__WORK TASK__.
Copy exactly the lines of the data below that run from the line holding "Lemma invr_norm_intr_le1 (R" through the line holding "have b_norm_gt0 : 0", both ends included.

○ ○ ○ ○

Lemma coupling_le_cost m1 m2 pi x :
  coupling m1 m2 pi -> `|m1 x - m2 x| <= transport_cost e pi.
Proof.
move=> [pi_ge0 [row col]].
have row_x : m1 x = pi x x + \sum_(y | y != x) pi x y by rewrite -row (bigD1 x).
have col_x : m2 x = pi x x + \sum_(y | y != x) pi y x by rewrite -col (bigD1 x).
have row_le : \sum_(y | y != x) pi x y <= transport_cost e pi.
  have gdist_row y : y != x -> (0 < gdist e x y)%N by rewrite eq_sym; apply: gdist_gt0.
  apply: le_trans (sum_neq_le_weighted (pi_ge0 x) gdist_row) _.
  rewrite /transport_cost [leRHS](bigD1 x) //= lerDl.
  by apply: sumr_ge0 => z _; apply: sumr_ge0 => y _; apply: mulr_ge0.
have col_le : \sum_(y | y != x) pi y x <= transport_cost e pi.
  have gdist_col y : y != x -> (0 < gdist e y x)%N by apply: gdist_gt0.
  apply: le_trans (sum_neq_le_weighted (pi_ge0 ^~ x) gdist_col) _.
  rewrite /transport_cost exchange_big [leRHS](bigD1 x) //= lerDl.
  by apply: sumr_ge0 => y _; apply: sumr_ge0 => z _; apply: mulr_ge0.
have row_ge0 : 0 <= \sum_(y | y != x) pi x y by apply: sumr_ge0.
have col_ge0 : 0 <= \sum_(y | y != x) pi y x by apply: sumr_ge0.
rewrite row_x col_x ler_norml; lra.
Qed.

Lemma eq_of_wasserstein_eq0 m1 m2 : (forall x, 0 <= m1 x) -> (forall x, 0 <= m2 x) ->
  \sum_x m1 x = 1 -> \sum_x m2 x = 1 -> wasserstein e m1 m2 = 0 -> m1 = m2.
Proof.
move=> m1_ge0 m2_ge0 m1_sum1 m2_sum1 W_eq0; apply: funext => x.
have coupled := product_coupling m1_ge0 m2_ge0 m1_sum1 m2_sum1.
have : `|m1 x - m2 x| <= wasserstein e m1 m2.
  apply: lb_le_inf; first by exists (transport_cost e (fun x y => m1 x * m2 y)), (fun x y => m1 x * m2 y).
  by move=> c [pi [pi_coupling ->]]; exact: coupling_le_cost.
by rewrite W_eq0 normr_le0 subr_eq0 => /eqP.
Qed.

End Wasserstein.

Lemma eventually_cst_cvg_eq (U : topologicalType) (f : nat -> U) (l : U) N :
  hausdorff_space U -> f @ \oo --> l -> (forall k, (N <= k)%N -> f k = f N) -> f N = l.
Proof.
move=> U_hausdorff f_cvg f_cst; apply: (cvg_unique U_hausdorff _ f_cvg).
by apply: cvg_near_cst; near=> k; apply: f_cst; near: k; exact: nbhs_infty_ge.
Unshelve. all: by end_near.
Qed.

Theorem lemma6p5 (R : realType) (T : finType) (e : rel T) (u v : T)
    (alpha beta : R) :
  simple_graph e -> connected_graph e ->
  0 <= alpha -> alpha <= beta -> beta <= 1 ->
  (fun k => Wk e u v alpha beta k) @ \oo --> (0 : R) ->
  (exists N : nat, forall k : nat, (N <= k)%N ->
     Wk e u v alpha beta k = Wk e u v alpha beta N) ->
  forall k : nat, (1 <= k)%N ->
     Wk e u v alpha beta k = Wk e u v alpha beta 1.
Proof.
move=> [e_sym e_irr] _ alpha_ge0 alpha_le_beta beta_le1 W_cvg [N W_cst] k k_gt0.
have beta_ge0 : 0 <= beta by apply: le_trans alpha_le_beta.
have alpha_le1 : alpha <= 1 by apply: le_trans beta_le1.
have W_N : Wk e u v alpha beta N = 0 := eventually_cst_cvg_eq (@Rhausdorff R) W_cvg W_cst.
have walks_eq_late j : (N.+1 <= j)%N -> walk_dist e alpha u j = walk_dist e beta v j.
  move=> lt_Nj; apply: (eq_of_wasserstein_eq0 (e := e)); rewrite ?walk_dist_sum1 //.
  1, 2: by move=> y; apply: walk_dist_ge0.
  by rewrite -/(Wk e u v alpha beta j) W_cst ?W_N // ltnW.
have walks_eq := walk_dist_eq_from1 e_sym (ltn0Sn N) walks_eq_late.
by rewrite /Wk -!walks_eq // !wasserstein_self // => y; apply: walk_dist_ge0.
Qed.
(* Let $m\geq 1$ and let $g=a_0+a_1z+\cdots+a_mz^m\in\mathbb{Z}[z]$ with $a_0\neq 0$ and $a_m\neq 0$. Suppose that for some index $j\in\{0,\ldots,m-1\}$, exactly $j$ zeros of $g$ (counted with multiplicity) lie in the open disk $\{z\in\mathbb{C}:|z|<1/|a_m|\}$ and the remaining $m-j$ zeros lie outside the closed disk $\{z\in\mathbb{C}:|z|\leq 1\}$. Then $g$ is a product of at most $m-j$ nonconstant irreducible polynomials in $\mathbb{Z}[z]$ (up to a constant factor); i.e., whenever $g=c\,g_1g_2\cdots g_r$ with $c\in\mathbb{Z}$ and each $g_i\in\mathbb{Z}[z]$ nonconstant and irreducible, one has $r\leq m-j$. *)

From HB Require Import structures.
From mathcomp Require Import all_boot all_order all_algebra all_field.
Set Implicit Arguments. Unset Strict Implicit. Unset Printing Implicit Defensive.
Import Order.TTheory GRing.Theory Num.Theory.
Local Open Scope ring_scope.

Definition irreducible_intpoly (p : {poly int}) : Prop :=
  [/\ p != 0, p \isn't a GRing.unit &
      forall q r : {poly int}, p = q * r ->
        q \is a GRing.unit \/ r \is a GRing.unit].

From HB Require Import structures.
From mathcomp Require Import all_boot all_order all_algebra all_field.
Import Order.TTheory GRing.Theory Num.Theory.
Local Open Scope ring_scope.

(* Every nonconstant factor h of g over Z has a complex root of modulus > 1:
   otherwise all its roots lie in |z| < 1/|a_m| <= 1/|lead_coef h|, so
   |h(0)| = |lead_coef h| * prod |roots| < 1, i.e. h(0) = 0 and then g(0) = 0.
   The images of the factors divide the product of the X - r, so distinct
   factors use up distinct roots outside the unit disk, of which there are
   m - j. *)

Lemma size_le_count_dvdp_prod_XsubC (F : idomainType) (P : pred F)
    (qs : seq {poly F}) (rs : seq F) :
  (forall q, q \in qs -> exists2 z, root q z & P z) ->
  \prod_(q <- qs) q %| \prod_(r <- rs) ('X - r%:P) ->
  (size qs <= count P rs)%N.
Proof.
elim: qs rs => [|q qs IHqs] rs qs_roots //= dvd_qs.
have [z qz Pz] := qs_roots q (mem_head _ _).
have [q' def_q] := factor_theorem _ _ qz.
have z_rs : z \in rs.
  rewrite -root_prod_XsubC; apply: root_dvdp dvd_qs _.
  by rewrite big_cons rootM qz.
have rs_perm := perm_to_rem z_rs.
rewrite (permP rs_perm) /= Pz add1n ltnS.
apply: IHqs => [q0 q0_qs|]; first by apply: qs_roots; rewrite in_cons q0_qs orbT.
move: dvd_qs; rewrite (perm_big _ rs_perm) !big_cons def_q.
rewrite -mulrA mulrC -mulrA dvdp_mul2l ?polyXsubC_eq0 //.
by move/(dvdp_trans (dvdp_mulIl _ _)).
Qed.

Lemma prodr_norm_lt (R : numDomainType) (c : R) (s : seq R) :
  c <= 1 -> s != [::] -> (forall x, x \in s -> `|x| < c) ->
  \prod_(x <- s) `|x| < c.
Proof.
case: s => // x s c_le1 _ s_lt; rewrite big_cons.
apply: le_lt_trans (s_lt x (mem_head _ _)).
apply: ler_piMr => //; rewrite big_seq; apply: prodr_ile1 => y y_s.
by rewrite normr_ge0 ltW // (lt_le_trans _ c_le1) // s_lt // in_cons y_s orbT.
Qed.

Lemma invr_norm_intr_le1 (R : numFieldType) (a : int) :
  a != 0 -> `|a%:~R : R|^-1 <= 1.
Proof.
move=> a_neq0; have a_ge1 : 1 <= `|a| by rewrite -gtz0_ge1 normr_gt0.
by rewrite invf_le1 -intr_norm ?ler1z ?ltr0z ?normr_gt0.
Qed.

Lemma intpoly_root_norm_ge_inv_lead (C : numClosedFieldType) (h : {poly int}) :
  (1 < size h)%N -> h`_0 != 0 ->
  exists2 z : C, root (map_poly intr h) z & `|(lead_coef h)%:~R : C|^-1 <= `|z|.
Proof.
move=> h_gt1 h0_neq0; set b : C := (lead_coef h)%:~R.
have intr_inj_C : injective (intr : int -> C) := @intr_inj C.
have [ss def_hC] := closed_field_poly_normal (map_poly (intr : int -> C) h).
rewrite lead_coef_map_inj // -/b in def_hC.
have h_neq0 : h != 0 by rewrite -size_poly_gt0 ltnW.
have b_neq0 : b != 0 by rewrite intr_eq0 lead_coef_eq0.
have ss_neq0 : ss != [::].
  apply: contraTneq h_gt1 => ss0.
  by rewrite -(size_map_inj_poly intr_inj_C (raddf0 _)) def_hC ss0 big_nil
             size_scale // size_poly1.
have [/hasP[z z_ss bz]|/hasPn ss_small] := boolP (has (fun z => `|b|^-1 <= `|z|) ss).
  by exists z; rewrite // def_hC rootZ // root_prod_XsubC.
have h0_norm : `|h`_0|%:~R = `|b| * \prod_(s <- ss) `|s| :> C.
  rewrite intr_norm -(coef_map intr) -horner_coef0 def_hC hornerZ horner_prod.
  rewrite normrM normr_prod; congr (_ * _); apply: eq_bigr => s _.
  by rewrite hornerXsubC sub0r normrN.
have ss_prod : \prod_(s <- ss) `|s| < `|b|^-1.
  apply: prodr_norm_lt => //; first by rewrite invr_norm_intr_le1 // lead_coef_eq0.
  by move=> s /ss_small; rewrite real_ltNge ?rpredV ?normr_real.
have h0_ge1 : 1 <= `|h`_0| by rewrite -gtz0_ge1 normr_gt0.
have h0_lt1 : `|h`_0| < 1.
  have b_norm_gt0 : 0 < `|b| by rewrite normr_gt0.
  by rewrite -(ltr_int C) h0_norm -[X in _ < X](mulfV (lt0r_neq0 b_norm_gt0)) ltr_pM2l.
by move: h0_lt1; rewrite ltNge h0_ge1.
Qed.

Lemma intpoly_factor_has_root_gt1 (C : numClosedFieldType) (g h q : {poly int}) :
  g = h * q -> g`_0 != 0 -> (1 < size h)%N ->
  (forall z : C, root (map_poly intr g) z ->
     `|z| < `|(lead_coef g)%:~R : C|^-1 \/ 1 < `|z|) ->
  exists2 z : C, root (map_poly intr h) z & 1 < `|z|.
Proof.
move=> def_g g0_neq0 h_gt1 g_roots.
have h0_neq0 : h`_0 != 0.
  by apply: contraNneq g0_neq0; rewrite def_g coef0M => ->; rewrite mul0r.
have [z hz z_ge] := intpoly_root_norm_ge_inv_lead C h h_gt1 h0_neq0.
exists z => //.
have /g_roots[z_small|//] : root (map_poly intr g) z by rewrite def_g rmorphM rootM hz.
have g_neq0 : g != 0 by apply: contraNneq g0_neq0 => ->; rewrite coef0.
have q_neq0 : q != 0 by apply: contraNneq g_neq0; rewrite def_g => ->; rewrite mulr0.
have h_neq0 : h != 0 by apply: contraNneq g_neq0; rewrite def_g => ->; rewrite mul0r.
have lead_h_le : `|(lead_coef h)%:~R : C| <= `|(lead_coef g)%:~R : C|.
  rewrite -!intr_norm ler_int def_g lead_coefM normrM ler_peMr //.
  by rewrite -gtz0_ge1 normr_gt0 lead_coef_eq0.
have : `|z| < `|z|.
  apply: lt_le_trans z_small (le_trans _ z_ge).
  by rewrite lef_pV2 ?posrE ?normr_gt0 ?intr_eq0 ?lead_coef_eq0.
by rewrite ltxx.
Qed.

Lemma all_predU_of_count_disjoint (T : Type) (a b : pred T) (s : seq T) :
  (forall x, a x -> ~~ b x) -> (count a s + count b s)%N = size s ->
  all (predU a b) s.
Proof.
move=> ab_disj count_ab; rewrite all_count -count_ab -count_predUI.
rewrite (@eq_count _ (predI a b) pred0) ?count_pred0 ?addn0 // => x /=.
by apply/negbTE/nandP; case: (boolP (a x)) => [/ab_disj|]; [right | left].
Qed.

Theorem lemma8 (m j : nat) (g : {poly int}) (rs : seq algC) :
  (1 <= m)%N -> size g = m.+1 -> g`_0 != 0 -> lead_coef g != 0 ->
  (j < m)%N ->
  map_poly (intr : int -> algC) g =
    (lead_coef g)%:~R *: \prod_(r <- rs) ('X - r%:P) ->
  count (fun r : algC => `|r| < `|(lead_coef g)%:~R : algC|^-1) rs = j ->
  count (fun r : algC => 1 < `|r|) rs = (m - j)%N ->
  forall (c : int) (gs : seq {poly int}),
    g = c%:P * \prod_(h <- gs) h ->
    (forall h, h \in gs -> (1 < size h)%N /\ irreducible_intpoly h) ->
    (size gs <= m - j)%N.
Proof.
move=> _ size_g g0_neq0 a_neq0 j_lt_m def_gC count_small count_large.
move=> c gs def_g gs_nonconst.
set a : algC := (lead_coef g)%:~R in def_gC count_small.
have aC_neq0 : a != 0 by rewrite intr_eq0.
have root_gC z : root (map_poly intr g) z = (z \in rs).
  by rewrite def_gC rootZ // root_prod_XsubC.
have size_rs : size rs = m.
  have := size_map_inj_poly (@intr_inj algC) (raddf0 _) g.
  by rewrite def_gC size_scale // size_prod_XsubC size_g => -[].
have rs_cover : all (predU (fun r => `|r| < `|a|^-1) (fun r => 1 < `|r|)) rs.
  apply: all_predU_of_count_disjoint => [r r_small|]; last first.
    by rewrite count_small count_large size_rs subnKC // ltnW.
  rewrite -real_leNgt ?normr_real ?rpred1 // (le_trans (ltW r_small)) //.
  exact: invr_norm_intr_le1.
rewrite -count_large -(size_map (map_poly (intr : int -> algC))).
apply: size_le_count_dvdp_prod_XsubC => [_ /mapP[h h_gs ->]|].
  have g_split : g = h * (c%:P * \prod_(h' <- rem h gs) h').
    by rewrite def_g (big_rem _ h_gs) /= mulrCA.
  apply: intpoly_factor_has_root_gt1 g_split g0_neq0 (gs_nonconst h h_gs).1 _.
  by move=> z; rewrite root_gC => /(allP rs_cover)/orP.
rewrite big_map -rmorph_prod -(eqp_dvdr _ (eqp_scale _ aC_neq0)) -def_gC def_g.
by rewrite rmorphM dvdp_mull.
Qed.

○ ○ ○ ○

__SOLUTION FOR THIS PROBLEM__.
Lemma invr_norm_intr_le1 (R : numFieldType) (a : int) :
  a != 0 -> `|a%:~R : R|^-1 <= 1.
Proof.
move=> a_neq0; have a_ge1 : 1 <= `|a| by rewrite -gtz0_ge1 normr_gt0.
by rewrite invf_le1 -intr_norm ?ler1z ?ltr0z ?normr_gt0.
Qed.

Lemma intpoly_root_norm_ge_inv_lead (C : numClosedFieldType) (h : {poly int}) :
  (1 < size h)%N -> h`_0 != 0 ->
  exists2 z : C, root (map_poly intr h) z & `|(lead_coef h)%:~R : C|^-1 <= `|z|.
Proof.
move=> h_gt1 h0_neq0; set b : C := (lead_coef h)%:~R.
have intr_inj_C : injective (intr : int -> C) := @intr_inj C.
have [ss def_hC] := closed_field_poly_normal (map_poly (intr : int -> C) h).
rewrite lead_coef_map_inj // -/b in def_hC.
have h_neq0 : h != 0 by rewrite -size_poly_gt0 ltnW.
have b_neq0 : b != 0 by rewrite intr_eq0 lead_coef_eq0.
have ss_neq0 : ss != [::].
  apply: contraTneq h_gt1 => ss0.
  by rewrite -(size_map_inj_poly intr_inj_C (raddf0 _)) def_hC ss0 big_nil
             size_scale // size_poly1.
have [/hasP[z z_ss bz]|/hasPn ss_small] := boolP (has (fun z => `|b|^-1 <= `|z|) ss).
  by exists z; rewrite // def_hC rootZ // root_prod_XsubC.
have h0_norm : `|h`_0|%:~R = `|b| * \prod_(s <- ss) `|s| :> C.
  rewrite intr_norm -(coef_map intr) -horner_coef0 def_hC hornerZ horner_prod.
  rewrite normrM normr_prod; congr (_ * _); apply: eq_bigr => s _.
  by rewrite hornerXsubC sub0r normrN.
have ss_prod : \prod_(s <- ss) `|s| < `|b|^-1.
  apply: prodr_norm_lt => //; first by rewrite invr_norm_intr_le1 // lead_coef_eq0.
  by move=> s /ss_small; rewrite real_ltNge ?rpredV ?normr_real.
have h0_ge1 : 1 <= `|h`_0| by rewrite -gtz0_ge1 normr_gt0.
have h0_lt1 : `|h`_0| < 1.
  have b_norm_gt0 : 0 < `|b| by rewrite normr_gt0.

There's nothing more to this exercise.